Country Club of Charleston 16th

The most famed example of the Lion’s mouth template is this 430-yard par-4 masterpiece. The bunker sits several feet below the green and on each side is a strip of green running all the way down to the fairway below. The green seems to melt around the bunker, with undulation to help shots get from one spot to another. The green is protected by bunkers on the left and right side as well. This course is home to some of Seth Raynor’s best templates.

Sand Hills 8th

Coore and Crenshaw built a version of the Lion’s mouth at their famed Sand Hills. This par-4 plays 367 yards, with the left side of this boomerang-shaped green more accessible than the right.

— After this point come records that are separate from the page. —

(* Let $Y\sim N(\theta,\sigma^2)$ with $\sigma>0$, let $\tau\ge1$, and let $\theta_0=E_0(Y^2-\sigma^2\tau)_+$, where $E_0$ denotes expectation under $\theta=0$. Then $$\big(E(Y^2-\sigma^2\tau)_+-\theta_0\big)^2\le\max\Big\{6\sigma^2\theta^2+\sigma^4\frac{4\tau^{1/2}+18}{e^{\tau/2}},\;10\theta^4\Big\}.$$
   Context: $x_+=\max\{x,0\}$. *)

From Stdlib Require Import Reals Lra.
Open Scope R_scope.

Definition pos_part (x : R) : R := Rmax x 0.

Definition normal_density (theta sigma : R) (y : R) : R :=
  exp (- (y - theta) ^ 2 / (2 * sigma ^ 2)) / (sigma * sqrt (2 * PI)).

Definition improper_integral_R (f : R -> R) (l : R) : Prop :=
  forall eps : R, 0 < eps ->
    exists M : R, forall a b : R, a <= - M -> M <= b ->
      exists pr : Riemann_integrable f a b, Rabs (RiemannInt pr - l) < eps.

Definition normal_expectation (theta sigma : R) (g : R -> R) (l : R) : Prop :=
  improper_integral_R (fun y => g y * normal_density theta sigma y) l.

From Stdlib Require Import Reals Lra.
From Coquelicot Require Import Coquelicot.
Open Scope R_scope.

(* Write f y = (y^2 - sigma^2 tau)_+ and phi for the N(0, sigma^2) density.  The
   substitution y = z + theta gives E - theta0 = int (f (z + theta) - f z) phi z dz,
   and since x |-> x_+ is 1-Lipschitz, |f (z + theta) - f z| <= 2 |theta| |z| + theta^2.
   Hence |E - theta0| <= 2 |theta| E|Z| + theta^2 int phi
   <= (4 sigma |theta| + 2.7202 theta^2) / sqrt (2 pi), and a case split on
   theta^2 <= 0.777 sigma |theta| bounds the square of this by
   max (6 sigma^2 theta^2, 10 theta^4). *)

Lemma pos_part_sub_le a b : Rabs (pos_part a - pos_part b) <= Rabs (a - b).
Proof.
  unfold pos_part, Rmax; repeat destruct Rle_dec; unfold Rabs; repeat destruct Rcase_abs; lra.
Qed.
(* Let $\alpha\ge -1/2$. For every $0\le x\le 2\sqrt{\alpha+1}$ and every $m\in\mathbb{N}\cup\{0\}$, $$\Gamma(\alpha+1)\sum_{n=0}^{2m+1}\frac{(-1)^n(x/2)^{2n}}{n!\,\Gamma(n+\alpha+1)}\ \le\ j_\alpha(x)\ \le\ \Gamma(\alpha+1)\sum_{n=0}^{2m}\frac{(-1)^n(x/2)^{2n}}{n!\,\Gamma(n+\alpha+1)}.$$
   Context: For $\alpha\ge -1/2$, the normalized Bessel function of order $\alpha$ is $j_\alpha(x)=\Gamma(\alpha+1)\sum_{n=0}^\infty\frac{(-1)^n(x/2)^{2n}}{n!\,\Gamma(n+\alpha+1)}$, where $\Gamma$ is the Euler gamma function. *)

From Stdlib Require Import Reals.
From Coquelicot Require Import Coquelicot.
Open Scope R_scope.

Definition Gamma (s : R) : R :=
  RInt_gen (fun t => Rpower t (s - 1) * exp (- t)) (at_right 0) (Rbar_locally p_infty).

Definition bessel_term (alpha x : R) (n : nat) : R :=
  (-1) ^ n * (x / 2) ^ (2 * n) / (INR (Factorial.fact n) * Gamma (INR n + alpha + 1)).

Definition bessel_j (alpha x : R) : R :=
  Gamma (alpha + 1) * Series (bessel_term alpha x).

(* Partial sum Gamma(alpha+1) * sum_{n=0}^{N} bessel_term n  (sum_n is inclusive) *)
Definition bessel_partial (alpha x : R) (N : nat) : R :=
  Gamma (alpha + 1) * sum_n (bessel_term alpha x) N.

From Stdlib Require Import Reals Lra Lia FunctionalExtensionality.
From Coquelicot Require Import Coquelicot.
Open Scope R_scope.

(** For [0 <= x <= 2 sqrt (alpha + 1)] the moduli of the terms of the Bessel series
    decrease to [0]: by [Gamma (s + 1) = s Gamma s] consecutive moduli have ratio
    [(x/2)^2 / ((n + 1) (n + alpha + 1)) <= 1 / (n + 1)].  The two bounds are then the
    classical enclosure of the sum of an alternating series between its partial sums of
    odd and even length.  Most of the work is the Gamma function itself: its integral
    converges because the integrand is dominated by [t ^ (s - 1)] near [0] and by a
    multiple of [t ^ -2] near [+oo], it is positive, and the functional equation follows
    by integration by parts. *)

Lemma at_right_0_lt (u : R) : 0 < u -> at_right 0 (fun a => 0 < a < u).
Proof.
  intros Hu. exists (mkposreal u Hu). intros a Ha Ha0.
  change (Rabs (a - 0) < u) in Ha. rewrite Rminus_0_r, Rabs_right in Ha by lra. lra.
Qed.

Lemma filter_prod_0_p_infty_pos :
  filter_prod (at_right 0) (Rbar_locally p_infty) (fun ab => 0 < fst ab /\ 0 < snd ab).
Proof.
  apply Filter_prod with (fun a => 0 < a) (fun b => 0 < b).
  - exists (mkposreal 1 Rlt_0_1). intros a _ Ha. exact Ha.
  - exists 0. intros b Hb. exact Hb.
  - intros a b Ha Hb. split; assumption.
Qed.

Section IntegralOverPositiveReals.

Variable f : R -> R.
Hypothesis f_cont : forall t, 0 < t -> continuous f t.
Hypothesis f_ge0 : forall t, 0 < t -> 0 <= f t.

Lemma ex_RInt_pos (u v : R) : 0 < u -> 0 < v -> ex_RInt f u v.
Proof.
  intros Hu Hv. apply (ex_RInt_continuous (V := R_CompleteNormedModule)).
  intros z [Hz _]. apply f_cont. pose proof (Rmin_pos u v Hu Hv). lra.
Qed.

Lemma RInt_pos_ge0 (u v : R) : 0 < u <= v -> 0 <= RInt f u v.
Proof.
  intros [Hu Huv]. apply RInt_ge_0; [lra | apply ex_RInt_pos; lra |].
  intros t Ht. apply f_ge0. lra.
Qed.

Lemma RInt_le_antiderivative (G g : R -> R) :
  (forall t, 0 < t -> is_derive G t (g t)) ->
  (forall t, 0 < t -> continuous g t) ->
  (forall t, 0 < t -> f t <= g t) ->
  forall u v, 0 < u <= v -> RInt f u v <= G v - G u.
Proof.
  intros HG Hg Hfg u v [Hu Huv].
  assert (HI : is_RInt g u v (G v - G u)).
  { apply (is_RInt_derive (V := R_CompleteNormedModule) G g);
      intros t [Ht _]; pose proof (Rmin_pos u v Hu ltac:(lra)).
    - apply HG. lra.
    - apply Hg. lra. }
  rewrite <- (is_RInt_unique _ _ _ _ HI).
  apply RInt_le; [lra | apply ex_RInt_pos; lra | exists (G v - G u); exact HI |].
  intros t Ht. apply Hfg. lra.
Qed.

Lemma Rabs_RInt_le_increment (G : R -> R) :
  (forall u v, 0 < u <= v -> RInt f u v <= G v - G u) ->
  forall u v, 0 < u -> 0 < v -> Rabs (RInt f u v) <= Rabs (G v - G u).
Proof.
  intros HG u v Hu Hv.
  destruct (Rle_or_lt u v) as [Huv | Hvu].
  - pose proof (RInt_pos_ge0 u v (conj Hu Huv)). pose proof (HG u v (conj Hu Huv)).
    rewrite !Rabs_right; lra.
  - pose proof (RInt_pos_ge0 v u (conj Hv (Rlt_le _ _ Hvu))).
    pose proof (HG v u (conj Hv (Rlt_le _ _ Hvu))).
    rewrite <- (opp_RInt_swap f v u) by (apply ex_RInt_pos; lra).
    change (Rabs (- RInt f v u) <= Rabs (G v - G u)).
    rewrite Rabs_Ropp, Rabs_minus_sym, !Rabs_right; lra.
Qed.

There are fairway bunkers on the right side to contend with when setting up your approach. Coore and Crenshaw also built a Lion’s Mouth green on 13th of the Sandbox short course at Sand Valley.

Rustic Canyon 13th

Gil Hanse, Jim Wagner, and Geoff Shackelford used the idea to build a par-5 here. This changes the strategy and adds some safer ways to play, but with a smaller chance at eagle or birdie. Even if you lay up, you’re forced to think about the best angle to approach the green with the difficult front bunker. A bunker in the middle of the fairway means the interest on this hole starts long before you reach the green. This California course is full of awesome holes worth checking out.

Essex County Country Club 14th

This is a shorter par-4, only 328 yards from the tips. There is a bunker guarding the right side of fairway for longer hitters, or you can lay a bit further back. Either way, the “kidney shaped” green will be no piece of cake with the lion’s mouth bunker guarding the front. The green has more depth than Charleston, making the aerial attack a bit easier, but also leaving room for more pinnable area.

Wade Hampton 14th

This 410-yard par-4 has bunkers guarding both sides of the fairway as the hole turns gradually to the right. Being down that side gives a shorter approach, but there are plenty of bunkers to make you think. The biggest factor though is the bunker seeping up into the green with short fringe on either side. This Tom Fazio design in the mountains of North Carolina makes this a beautiful walk even if the Lion gets you between his teeth.